WORK TASK - Show each line of the records below where the word "repP" occurs.

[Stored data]
------------

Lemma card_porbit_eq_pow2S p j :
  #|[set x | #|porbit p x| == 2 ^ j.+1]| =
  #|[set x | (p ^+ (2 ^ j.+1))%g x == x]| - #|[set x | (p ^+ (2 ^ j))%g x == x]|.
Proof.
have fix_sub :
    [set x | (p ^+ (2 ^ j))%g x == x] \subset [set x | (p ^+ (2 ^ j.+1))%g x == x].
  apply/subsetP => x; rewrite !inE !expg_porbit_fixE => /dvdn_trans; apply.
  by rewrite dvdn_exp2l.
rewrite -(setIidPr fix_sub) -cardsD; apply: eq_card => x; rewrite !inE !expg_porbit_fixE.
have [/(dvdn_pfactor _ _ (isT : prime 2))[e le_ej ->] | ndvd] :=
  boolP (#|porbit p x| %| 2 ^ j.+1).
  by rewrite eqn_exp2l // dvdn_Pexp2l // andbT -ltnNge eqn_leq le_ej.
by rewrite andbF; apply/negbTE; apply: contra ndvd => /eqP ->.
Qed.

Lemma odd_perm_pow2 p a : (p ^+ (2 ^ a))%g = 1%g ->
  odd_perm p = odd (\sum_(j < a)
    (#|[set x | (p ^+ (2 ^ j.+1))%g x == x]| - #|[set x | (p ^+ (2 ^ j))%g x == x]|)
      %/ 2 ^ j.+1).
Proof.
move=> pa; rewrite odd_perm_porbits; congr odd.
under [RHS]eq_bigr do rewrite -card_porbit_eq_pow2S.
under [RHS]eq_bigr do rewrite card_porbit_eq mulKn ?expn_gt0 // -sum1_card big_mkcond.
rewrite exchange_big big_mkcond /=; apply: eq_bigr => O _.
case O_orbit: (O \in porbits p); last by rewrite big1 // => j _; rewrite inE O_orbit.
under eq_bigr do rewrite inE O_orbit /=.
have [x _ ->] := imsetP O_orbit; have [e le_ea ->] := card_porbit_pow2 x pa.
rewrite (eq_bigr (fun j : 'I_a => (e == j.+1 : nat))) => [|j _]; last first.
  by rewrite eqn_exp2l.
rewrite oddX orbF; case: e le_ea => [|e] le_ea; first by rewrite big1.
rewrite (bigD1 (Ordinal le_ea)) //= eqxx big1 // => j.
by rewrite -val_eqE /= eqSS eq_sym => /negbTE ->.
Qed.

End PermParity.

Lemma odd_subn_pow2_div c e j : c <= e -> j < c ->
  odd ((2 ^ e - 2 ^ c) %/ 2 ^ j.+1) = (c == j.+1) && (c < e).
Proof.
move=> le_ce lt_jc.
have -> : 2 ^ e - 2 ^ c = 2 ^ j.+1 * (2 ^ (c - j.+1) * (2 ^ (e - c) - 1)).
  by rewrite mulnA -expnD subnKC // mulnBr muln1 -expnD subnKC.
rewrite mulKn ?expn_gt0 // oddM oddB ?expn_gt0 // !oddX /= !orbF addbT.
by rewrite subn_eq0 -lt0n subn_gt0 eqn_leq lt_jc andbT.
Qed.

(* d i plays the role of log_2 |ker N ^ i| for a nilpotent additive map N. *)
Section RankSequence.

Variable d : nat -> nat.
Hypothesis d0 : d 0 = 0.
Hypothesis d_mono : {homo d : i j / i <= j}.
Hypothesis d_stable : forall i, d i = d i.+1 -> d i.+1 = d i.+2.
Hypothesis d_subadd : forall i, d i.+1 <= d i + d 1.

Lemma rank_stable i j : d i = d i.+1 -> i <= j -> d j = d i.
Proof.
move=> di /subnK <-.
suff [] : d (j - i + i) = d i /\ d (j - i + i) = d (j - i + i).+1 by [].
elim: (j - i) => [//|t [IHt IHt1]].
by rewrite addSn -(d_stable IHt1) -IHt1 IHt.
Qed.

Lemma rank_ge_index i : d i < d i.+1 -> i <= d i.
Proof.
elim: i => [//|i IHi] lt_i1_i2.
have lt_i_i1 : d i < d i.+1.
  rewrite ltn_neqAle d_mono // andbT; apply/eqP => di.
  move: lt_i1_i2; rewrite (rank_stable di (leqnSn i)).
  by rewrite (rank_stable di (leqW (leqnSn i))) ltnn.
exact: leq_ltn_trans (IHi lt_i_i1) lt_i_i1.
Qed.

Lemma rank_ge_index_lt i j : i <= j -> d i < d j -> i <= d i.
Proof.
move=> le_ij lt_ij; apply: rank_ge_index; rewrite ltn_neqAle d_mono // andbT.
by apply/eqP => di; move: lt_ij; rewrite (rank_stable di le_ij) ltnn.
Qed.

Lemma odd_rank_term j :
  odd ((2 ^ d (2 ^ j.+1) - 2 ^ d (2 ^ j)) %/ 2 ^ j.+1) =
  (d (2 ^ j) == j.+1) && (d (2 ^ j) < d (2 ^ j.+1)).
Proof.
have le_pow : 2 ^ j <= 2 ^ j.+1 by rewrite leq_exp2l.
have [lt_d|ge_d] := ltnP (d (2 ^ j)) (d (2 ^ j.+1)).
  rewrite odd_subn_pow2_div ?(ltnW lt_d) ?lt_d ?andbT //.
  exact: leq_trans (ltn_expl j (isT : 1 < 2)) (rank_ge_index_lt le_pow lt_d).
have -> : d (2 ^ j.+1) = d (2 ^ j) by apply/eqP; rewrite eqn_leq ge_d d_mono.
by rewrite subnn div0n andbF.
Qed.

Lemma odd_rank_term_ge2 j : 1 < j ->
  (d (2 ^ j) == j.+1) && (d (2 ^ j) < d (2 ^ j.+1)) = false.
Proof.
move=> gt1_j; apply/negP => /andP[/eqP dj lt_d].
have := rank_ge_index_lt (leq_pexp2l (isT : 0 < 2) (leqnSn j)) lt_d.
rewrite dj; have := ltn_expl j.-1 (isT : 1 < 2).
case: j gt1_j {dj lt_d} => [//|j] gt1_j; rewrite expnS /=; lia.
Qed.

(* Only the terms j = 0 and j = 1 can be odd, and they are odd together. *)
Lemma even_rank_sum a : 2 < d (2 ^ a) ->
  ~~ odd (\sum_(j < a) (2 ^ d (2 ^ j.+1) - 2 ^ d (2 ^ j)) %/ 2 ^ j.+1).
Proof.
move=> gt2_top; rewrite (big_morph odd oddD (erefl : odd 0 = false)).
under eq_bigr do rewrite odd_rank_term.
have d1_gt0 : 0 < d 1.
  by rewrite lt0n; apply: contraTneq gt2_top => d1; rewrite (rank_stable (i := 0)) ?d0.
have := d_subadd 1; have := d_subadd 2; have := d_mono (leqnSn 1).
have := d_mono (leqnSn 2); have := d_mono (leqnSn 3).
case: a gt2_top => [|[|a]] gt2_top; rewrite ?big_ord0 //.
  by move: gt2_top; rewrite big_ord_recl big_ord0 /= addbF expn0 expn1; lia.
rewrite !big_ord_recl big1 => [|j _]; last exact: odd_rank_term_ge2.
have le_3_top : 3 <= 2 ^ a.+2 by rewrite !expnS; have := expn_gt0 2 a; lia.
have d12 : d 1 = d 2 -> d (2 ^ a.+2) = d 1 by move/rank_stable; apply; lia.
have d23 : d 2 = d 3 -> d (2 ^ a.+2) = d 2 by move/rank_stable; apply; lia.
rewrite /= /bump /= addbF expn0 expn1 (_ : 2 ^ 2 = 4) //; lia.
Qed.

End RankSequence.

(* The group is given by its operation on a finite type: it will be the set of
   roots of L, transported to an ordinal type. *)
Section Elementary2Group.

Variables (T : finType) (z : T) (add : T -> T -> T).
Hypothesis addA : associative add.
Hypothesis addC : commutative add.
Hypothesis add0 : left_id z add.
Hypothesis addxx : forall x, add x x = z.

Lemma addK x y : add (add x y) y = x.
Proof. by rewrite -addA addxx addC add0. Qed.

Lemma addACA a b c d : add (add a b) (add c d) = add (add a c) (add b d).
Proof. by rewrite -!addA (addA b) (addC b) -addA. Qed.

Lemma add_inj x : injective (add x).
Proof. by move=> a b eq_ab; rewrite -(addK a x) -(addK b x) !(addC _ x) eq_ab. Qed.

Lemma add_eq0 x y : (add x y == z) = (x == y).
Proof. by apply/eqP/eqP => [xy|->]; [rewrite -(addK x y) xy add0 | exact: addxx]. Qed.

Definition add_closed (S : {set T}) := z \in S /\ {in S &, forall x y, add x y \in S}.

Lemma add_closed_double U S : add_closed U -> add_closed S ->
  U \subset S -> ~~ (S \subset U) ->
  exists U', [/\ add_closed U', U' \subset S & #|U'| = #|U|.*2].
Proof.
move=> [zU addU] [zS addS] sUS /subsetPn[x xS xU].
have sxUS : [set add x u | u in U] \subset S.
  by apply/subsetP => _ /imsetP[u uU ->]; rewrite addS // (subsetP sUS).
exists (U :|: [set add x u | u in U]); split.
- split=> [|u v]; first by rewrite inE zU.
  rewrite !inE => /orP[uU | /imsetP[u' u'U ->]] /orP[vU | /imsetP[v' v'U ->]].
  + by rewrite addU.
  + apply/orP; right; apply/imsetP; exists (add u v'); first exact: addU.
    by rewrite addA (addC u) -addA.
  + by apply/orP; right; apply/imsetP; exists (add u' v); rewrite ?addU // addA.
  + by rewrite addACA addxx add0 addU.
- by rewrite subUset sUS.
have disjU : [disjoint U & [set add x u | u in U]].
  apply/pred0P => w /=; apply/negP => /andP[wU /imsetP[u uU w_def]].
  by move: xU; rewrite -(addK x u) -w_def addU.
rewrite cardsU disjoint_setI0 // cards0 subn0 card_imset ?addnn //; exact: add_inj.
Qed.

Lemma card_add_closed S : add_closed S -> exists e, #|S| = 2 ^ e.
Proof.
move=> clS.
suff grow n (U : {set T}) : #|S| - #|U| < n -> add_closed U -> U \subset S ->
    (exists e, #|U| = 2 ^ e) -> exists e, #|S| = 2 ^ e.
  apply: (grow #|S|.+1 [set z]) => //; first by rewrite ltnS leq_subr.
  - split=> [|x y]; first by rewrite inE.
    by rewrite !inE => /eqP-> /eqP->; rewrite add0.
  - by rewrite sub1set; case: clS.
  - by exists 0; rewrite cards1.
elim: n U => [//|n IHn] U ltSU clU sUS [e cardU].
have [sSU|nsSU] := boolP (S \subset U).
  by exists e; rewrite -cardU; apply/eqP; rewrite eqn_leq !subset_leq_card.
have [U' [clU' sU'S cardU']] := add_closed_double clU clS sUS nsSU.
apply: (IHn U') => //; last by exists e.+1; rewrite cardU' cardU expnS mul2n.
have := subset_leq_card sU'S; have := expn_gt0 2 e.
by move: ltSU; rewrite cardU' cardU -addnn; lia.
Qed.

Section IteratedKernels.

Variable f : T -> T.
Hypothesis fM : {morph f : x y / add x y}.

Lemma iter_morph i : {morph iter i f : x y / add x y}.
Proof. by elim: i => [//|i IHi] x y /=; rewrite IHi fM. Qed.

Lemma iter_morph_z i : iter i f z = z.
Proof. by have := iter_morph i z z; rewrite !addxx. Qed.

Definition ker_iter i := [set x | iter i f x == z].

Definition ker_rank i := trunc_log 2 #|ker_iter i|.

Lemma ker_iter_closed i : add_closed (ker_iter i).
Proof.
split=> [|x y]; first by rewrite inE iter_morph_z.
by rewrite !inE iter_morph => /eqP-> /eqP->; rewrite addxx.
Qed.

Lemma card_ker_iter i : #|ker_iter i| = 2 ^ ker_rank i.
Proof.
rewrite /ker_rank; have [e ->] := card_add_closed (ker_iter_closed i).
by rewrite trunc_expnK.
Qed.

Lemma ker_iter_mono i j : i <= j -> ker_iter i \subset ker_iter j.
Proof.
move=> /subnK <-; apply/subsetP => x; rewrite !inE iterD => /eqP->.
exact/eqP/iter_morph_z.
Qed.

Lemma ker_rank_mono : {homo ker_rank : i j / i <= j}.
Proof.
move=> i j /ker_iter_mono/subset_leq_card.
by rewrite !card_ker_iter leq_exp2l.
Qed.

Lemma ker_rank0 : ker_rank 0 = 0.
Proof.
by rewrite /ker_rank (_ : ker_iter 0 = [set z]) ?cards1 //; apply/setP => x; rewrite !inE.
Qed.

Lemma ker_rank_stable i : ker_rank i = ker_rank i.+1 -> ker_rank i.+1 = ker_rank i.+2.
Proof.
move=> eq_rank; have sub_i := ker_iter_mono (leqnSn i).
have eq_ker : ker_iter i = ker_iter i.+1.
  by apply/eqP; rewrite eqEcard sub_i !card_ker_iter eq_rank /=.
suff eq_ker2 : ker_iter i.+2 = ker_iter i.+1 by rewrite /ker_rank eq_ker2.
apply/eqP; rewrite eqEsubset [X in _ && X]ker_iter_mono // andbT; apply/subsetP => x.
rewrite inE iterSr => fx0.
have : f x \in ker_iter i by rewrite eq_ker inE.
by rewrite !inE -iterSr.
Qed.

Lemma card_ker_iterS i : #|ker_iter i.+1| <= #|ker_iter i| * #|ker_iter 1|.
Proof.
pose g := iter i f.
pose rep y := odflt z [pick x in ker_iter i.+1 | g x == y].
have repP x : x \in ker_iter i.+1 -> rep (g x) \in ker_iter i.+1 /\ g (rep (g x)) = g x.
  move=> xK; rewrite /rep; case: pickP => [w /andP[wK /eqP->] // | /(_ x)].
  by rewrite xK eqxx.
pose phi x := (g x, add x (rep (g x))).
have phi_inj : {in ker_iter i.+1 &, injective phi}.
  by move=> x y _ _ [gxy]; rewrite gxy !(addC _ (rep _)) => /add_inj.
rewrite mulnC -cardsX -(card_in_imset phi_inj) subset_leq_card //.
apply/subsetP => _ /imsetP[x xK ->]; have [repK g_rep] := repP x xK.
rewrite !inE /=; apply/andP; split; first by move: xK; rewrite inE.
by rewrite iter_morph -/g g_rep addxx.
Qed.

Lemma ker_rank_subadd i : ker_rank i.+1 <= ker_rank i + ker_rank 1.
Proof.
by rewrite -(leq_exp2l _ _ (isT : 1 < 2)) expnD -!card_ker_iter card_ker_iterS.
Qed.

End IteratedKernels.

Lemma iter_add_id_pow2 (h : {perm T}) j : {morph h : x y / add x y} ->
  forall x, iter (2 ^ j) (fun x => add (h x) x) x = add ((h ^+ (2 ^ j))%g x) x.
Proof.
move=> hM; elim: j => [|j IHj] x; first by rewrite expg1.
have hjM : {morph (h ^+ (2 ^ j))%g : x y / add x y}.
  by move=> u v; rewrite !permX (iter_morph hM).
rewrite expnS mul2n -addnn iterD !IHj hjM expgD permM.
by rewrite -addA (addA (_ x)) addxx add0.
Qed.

------------

YOUR SOLUTION -
have repP x : x \in ker_iter i.+1 -> rep (g x) \in ker_iter i.+1 /\ g (rep (g x)) = g x.
apply/subsetP => _ /imsetP[x xK ->]; have [repK g_rep] := repP x xK.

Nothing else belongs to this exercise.